►

(* Let $C$ be a non-empty clique of $G$. Then the problem $\max\{f(\mathbf{x}):\mathbf{x}\in\Delta(C)\}$ has a unique local maximizer, which is therefore its unique global maximizer, and this maximizer is $\mathbf{x}(C)$.
   Context: Let $G=(\mathcal{V},\mathcal{E})$ be a simple undirected graph on vertex set $\mathcal{V}=\{1,\dots,n\}$ with adjacency matrix $\mathbf{A}=(a_{ij})$ ($a_{ij}=1$ if $(i,j)\in\mathcal{E}$, else $0$; $a_{ii}=0$). A clique is a subset $C\subseteq\mathcal{V}$ with $(i,j)\in\mathcal{E}$ for all distinct $i,j\in C$. Let $\Delta=\{\mathbf{x}\in\mathbb{R}^n:\mathbf{0}\le\mathbf{x}\le\mathbf{1},\ \mathbf{1}^{\mathsf T}\mathbf{x}=1\}$, $\mathrm{supp}(\mathbf{x})=\{i:x_i\neq0\}$, and for a clique $C$, $\Delta(C)=\{\mathbf{x}\in\Delta:\mathrm{supp}(\mathbf{x})\subseteq C\}$. For a non-empty $C$, the characteristic vector $\mathbf{x}(C)\in\Delta$ has $x(C)_i=1/|C|$ for $i\in C$ and $0$ otherwise. For $\mathbf{x}\in\Delta$, $\mathcal{P}(\mathbf{x})$ is the set of vectors in $\Delta$ obtained by permuting the coordinates of $\mathbf{x}$. Let $\Phi:X\to\mathbb{R}$ be twice continuously differentiable on an open set $X\supset\Delta$, satisfying for every $\mathbf{x}\in\Delta$: (C1) $\nabla^2\Phi(\mathbf{x})$ is positive semidefinite; (C2) $\|\nabla^2\Phi(\mathbf{x})\|_2<2$; (C3) $\Phi$ is constant on $\mathcal{P}(\mathbf{x})$. Define $f(\mathbf{x})=\mathbf{x}^{\mathsf T}\mathbf{A}\mathbf{x}+\Phi(\mathbf{x})$. A point $\mathbf{x}$ of a set $Y$ is a local maximizer of $\max\{f:Y\}$ if $f(\mathbf{x})\ge f(\tilde{\mathbf{x}})$ for all $\tilde{\mathbf{x}}\in Y$ in some neighborhood of $\mathbf{x}$. *)

From HB Require Import structures.
From mathcomp Require Import all_boot all_order all_algebra all_fingroup.
From mathcomp Require Import all_classical all_reals all_analysis.
Set Implicit Arguments. Unset Strict Implicit. Unset Printing Implicit Defensive.
Import Order.TTheory GRing.Theory Num.Theory.
Import numFieldNormedType.Exports.
Local Open Scope classical_set_scope.
Local Open Scope ring_scope.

◄

** Aim of the task **
Those lines of the records that contain the string "Import" should be identified and copied.

** Result of the exercise **
From HB Require Import structures.
From mathcomp Require Import all_boot all_order all_algebra all_fingroup.
From mathcomp Require Import all_classical all_reals all_analysis.
Import Order.TTheory GRing.Theory Num.Theory.
Import numFieldNormedType.Exports.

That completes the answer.